The contract between workers and Kyo-ya Hotels & Resorts was ratified by 99.6 percent of the more than 1,000 workers who voted Tuesday. Some 2,700 workers have been out on strike since Oct. 8 when negotiations reached an impasse between Local 5 and Kyo-ya, which owns the Marriott-managed Sheraton Waikiki, Royal Hawaiian Hotel, Westin Moana Surfrider, Sheraton Princess Kaiulani and Sheraton Maui.
In the first year of the new agreement, nontipped employees will get a $1.50-an-hour wage increase plus 20 cents per hour for medical, 13 cents for pension and 10 cents for a child/elder care fund. Tipped employees would get 75 cents an hour, and bellmen will receive $1.12 an hour added to their pay. The pay increases are retroactive to July 1 but will not include the 51-day strike period.

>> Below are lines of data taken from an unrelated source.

Lemma node_verts_branches t : node_verts t = \bigcup_(p <- branches t) p.1.
Proof.
case: t => [Sv [|c cs]|ss] //=; first by rewrite big_seq1.
rewrite big_cons big_map; apply/esym/setUidPl.
by elim: cs => [|c' cs IH]; rewrite ?big_nil ?sub0set // big_cons subUset subxx.
Qed.

Lemma otree_verts_has p v :
  (v \in otree_verts p.2) = has (fun nd => v \in node_verts nd) (branch_nodes p).
Proof. by case: p => [R [c|]] /=; rewrite ?in_set0 // /tree_verts in_bigcup_has. Qed.

Lemma tree_verts_branches t :
  tree_verts t = node_verts t :|: \bigcup_(p <- branches t) otree_verts p.2.
Proof.
rewrite /tree_verts nodes_branches big_cons big_flatten /= big_map.
by congr (_ :|: _); apply: eq_bigr => -[R [c|]] _ //=; rewrite big_nil.
Qed.

Lemma branch_node_verts t j : j < size (branches t) -> (branch t j).1 \subset node_verts t.
Proof.
move=> Hj; apply/subsetP => v Hv; rewrite node_verts_branches.
by apply/(bigcup_nthP _ (set0, None)); exists j.
Qed.

Lemma branch_tree_verts t j :
  j < size (branches t) -> (branch t j).1 :|: otree_verts (branch t j).2 \subset tree_verts t.
Proof.
move=> Hj; rewrite tree_verts_branches; apply: setUSS; first exact: branch_node_verts.
by apply/subsetP => v Hv; apply/(bigcup_nthP _ (set0, None)); exists j.
Qed.

Lemma mpq_branch_ind (P : mpq T -> Prop) :
  (forall t, (forall j c, j < size (branches t) -> (branch t j).2 = Some c -> P c) -> P t) ->
  forall t, P t.
Proof.
move=> IH t; elim: (size (nodes t)).+1 {-2}t (ltnSn (size (nodes t))) => // n IHn t' lt.
apply: IH => j c Hj Hc; apply: IHn; rewrite ltnS in lt; apply: leq_trans lt.
rewrite [X in _ < size X]nodes_branches /= ltnS -!count_predT.
by have := count_flatten_nth branch_nodes (set0, None) predT Hj; rewrite /branch_nodes Hc.
Qed.

Lemma nodes_child t j c s :
  j < size (branches t) -> (branch t j).2 = Some c -> List.In s (nodes c) -> List.In s (nodes t).
Proof.
move=> Hj Hc Hs; rewrite nodes_branches; right.
by apply/(In_flatten_nth _ (set0, None)); exists j; rewrite // /branch_nodes Hc.
Qed.

Lemma nodesP t s : List.In s (nodes t) ->
  s = t \/ exists j c, [/\ j < size (branches t), (branch t j).2 = Some c & List.In s (nodes c)].
Proof.
rewrite nodes_branches => -[->|/(In_flatten_nth _ (set0, None))[j Hj]]; first by left.
by rewrite /branch_nodes; case Hc: (branch t j).2 => [c|] // Hs; right; exists j, c.
Qed.
(* Fix $\beta>0$ and a transient MDP with a sink state as in the context. Let $\pi=(\bm d)_\infty\in\Pi_{\mathrm{SR}}$. Then there exists a vector $\bm f\in\mathbb R^S$ with $\bm f\ge\bm 0$, $\bm f\neq\bm 0$, $\bm f^\top\bm B^{\bm d}=\rho(\bm B^{\bm d})\,\bm f^\top$, and \[ \bm f^\top\bm b^{\bm d}>0. \]
   Context: MDP: states $\mathcal S=\{1,\dots,S\}$ plus sink state $e$ ($p(e,a,e)=1$, $r(e,a,e)=0$); finite actions; transitions $p(s,a,s')$, real rewards $r(s,a,s')$. Transience (standing assumption): for every stationary deterministic policy $\pi$, $\sum_{t\ge0}\mathbb P^{\pi,s}[\tilde s_t=s']<\infty$ for all $s,s'\in\mathcal S$. $\Pi_{\mathrm{SR}}$: stationary randomized policies $(\bm d)_\infty$, $d_a(s)$ the probability of action $a$ in $s$. $B^{\bm d}_{s,s'}=\sum_a p(s,a,s')d_a(s)e^{-\beta r(s,a,s')}$, $b^{\bm d}_s=\sum_a p(s,a,e)d_a(s)e^{-\beta r(s,a,e)}$; $\rho$ is the spectral radius. *)

From HB Require Import structures.
From mathcomp Require Import all_boot all_order all_algebra.
From mathcomp Require Import all_classical all_reals.
From mathcomp Require Import topology ereal normedtype sequences exp.
From mathcomp Require Import complex.

Set Implicit Arguments.
Unset Strict Implicit.
Unset Printing Implicit Defensive.

Import Order.TTheory GRing.Theory Num.Theory.
Local Open Scope ring_scope.

(* States of S are ['I_S]; the full state space is [option 'I_S], where
   [None] is the sink state [e].
   The sink's dynamics (p(e,a,e)=1, r(e,a,e)=0) are built in below. *)

Section MDP.
Variable R : realType.
Variables S A : nat.
Implicit Types (p r : 'I_S -> 'I_A -> option 'I_S -> R).

Definition is_transition p : Prop :=
  (forall s a y, 0 <= p s a y) /\ (forall s a, \sum_(y : option 'I_S) p s a y = 1).

(* d is a (randomized) decision rule: d a s in the paper is [d s a] here *)
Definition is_decision_rule (d : 'I_S -> 'I_A -> R) : Prop :=
  (forall s a, 0 <= d s a) /\ (forall s, \sum_(a : 'I_A) d s a = 1).

Definition det_trans p (pol : 'I_S -> 'I_A) (x y : option 'I_S) : R :=
  match x with
  | None => (y == None)%:R
  | Some s => p s (pol s) y
  end.

(* [state_dist p pol s t y] = P^{pol,s}[ s_t = y ] *)
Fixpoint state_dist p (pol : 'I_S -> 'I_A) (s : 'I_S) (t : nat) (y : option 'I_S) : R :=
  match t with
  | 0 => (y == Some s)%:R
  | t'.+1 => \sum_(x : option 'I_S) state_dist p pol s t' x * det_trans p pol x y
  end.

Definition transient p : Prop :=
  forall (pol : 'I_S -> 'I_A) (s s' : 'I_S),
    (\sum_(0 <= t <oo) (state_dist p pol s t (Some s'))%:E < +oo)%E.

Definition Bmat (beta : R) p r (d : 'I_S -> 'I_A -> R) : 'M[R]_S :=
  \matrix_(s, s') \sum_(a : 'I_A)
     p s a (Some s') * d s a * expR (- (beta * r s a (Some s'))).

Definition bvec (beta : R) p r (d : 'I_S -> 'I_A -> R) : 'cV[R]_S :=
  \col_s \sum_(a : 'I_A) p s a None * d s a * expR (- (beta * r s a None)).

End MDP.

Definition spectral_radius (R : realType) (n : nat) (M : 'M[R]_n) : R :=
  sup [set complex.Re `|l| | l in
        [set l : R[i] | eigenvalue (map_mx (real_complex R) M) l]]%classic.

From HB Require Import structures.
From mathcomp Require Import all_boot all_order all_algebra.
From mathcomp Require Import all_classical all_reals.
From mathcomp Require Import topology ereal normedtype sequences exp derive.
From mathcomp Require Import complex.
From mathcomp Require Import lra.
Import Order.TTheory GRing.Theory Num.Theory.
Import numFieldTopology.Exports numFieldNormedType.Exports.

Set Implicit Arguments.
Unset Strict Implicit.
Unset Printing Implicit Defensive.

Local Open Scope ring_scope.
Local Open Scope classical_set_scope.

(* Perron-Frobenius gives a nonnegative left eigenvector f of B^d for rho(B^d).
   For a positive matrix C, the largest t with x C >= t x for some x in the
   simplex is attained by compactness, and a maximiser is an eigenvector.  A
   nonnegative B is the limit of B + eJ (J the all-ones matrix): the
   eigenpairs of B + eJ, e in [0, 1], whose eigenvalue dominates rho(B) form a
   compact set, and the least e occurring in it is 0.
   If f^T b^d = 0, a policy that picks in each state an action of positive
   d-probability can neither reach the sink nor leave the support of f from
   it (all weights e^{-beta r} are positive, so the sign of beta is
   irrelevant).  Started in that support, the chain has mass one there at all
   times, so its expected number of visits is infinite, against transience. *)

Lemma sum_option (V : nmodType) (T : finType) (F : option T -> V) :
  \sum_(y : option T) F y = F None + \sum_(i : T) F (Some i).
Proof.
rewrite (bigD1 None) //=; congr (_ + _).
rewrite (reindex_omap Some id) => [|[] //].
by apply: eq_bigl => i /=; rewrite eqxx.
Qed.
Section Tilt.
Variables (l th : R) (X X' : list pt) (i : nat) (D : pt).
Hypotheses (HX : dccp l th X) (Hinf : inflection X i) (Hgood : good_tilt l th X i D)
  (Hlen : length X' = length X) (HD : edir X' i = D)
  (Hmult : forall k, (S k < length X)%nat -> k <> i -> pos_multiple (edir X' k) (edir X k))
  (Hshort : forall k, (S k < length X)%nat -> k <> i -> short l X' k -> short l X k)
  (Hshort_i : short l X' i -> ~ short l X (pred i) /\ ~ short l X (S i)).

(* The directions of the edges of [X'], up to positive factors. *)
Let tilt_dir k := if Nat.eq_dec k i then D else edir X k.

Lemma tilt_dir_at : tilt_dir i = D.
Proof. unfold tilt_dir; now destruct (Nat.eq_dec i i). Qed.

Lemma tilt_dir_ne k : k <> i -> tilt_dir k = edir X k.
Proof. unfold tilt_dir; now destruct (Nat.eq_dec k i). Qed.

Lemma tilt_multiple k : (S k < length X)%nat -> pos_multiple (edir X' k) (tilt_dir k).
Proof.
  intros Hk; destruct (Nat.eq_dec k i) as [->|Hki].
  - rewrite tilt_dir_at, HD; apply pos_multiple_refl.
  - rewrite tilt_dir_ne by exact Hki; auto.
Qed.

Next year the pay and benefit increase would total $1 an hour, in 2020 it would increase by $1.76 and in 2021 it would be $1.44.
When the strike started, workers were seeking a $3 hourly wage increase for the first year, and Kyo-ya had offered a 70-cent hike for wages and benefits. The average Local 5 housekeeper had been making $22.14 an hour.
Union and hotel negotiators met from approximately 10 a.m Monday to 1 a.m. Tuesday and resumed at 10 a.m. Tuesday. The strike vote began at 2 p.m., and results were announced at about 8:30 p.m., followed by an impromptu celebration.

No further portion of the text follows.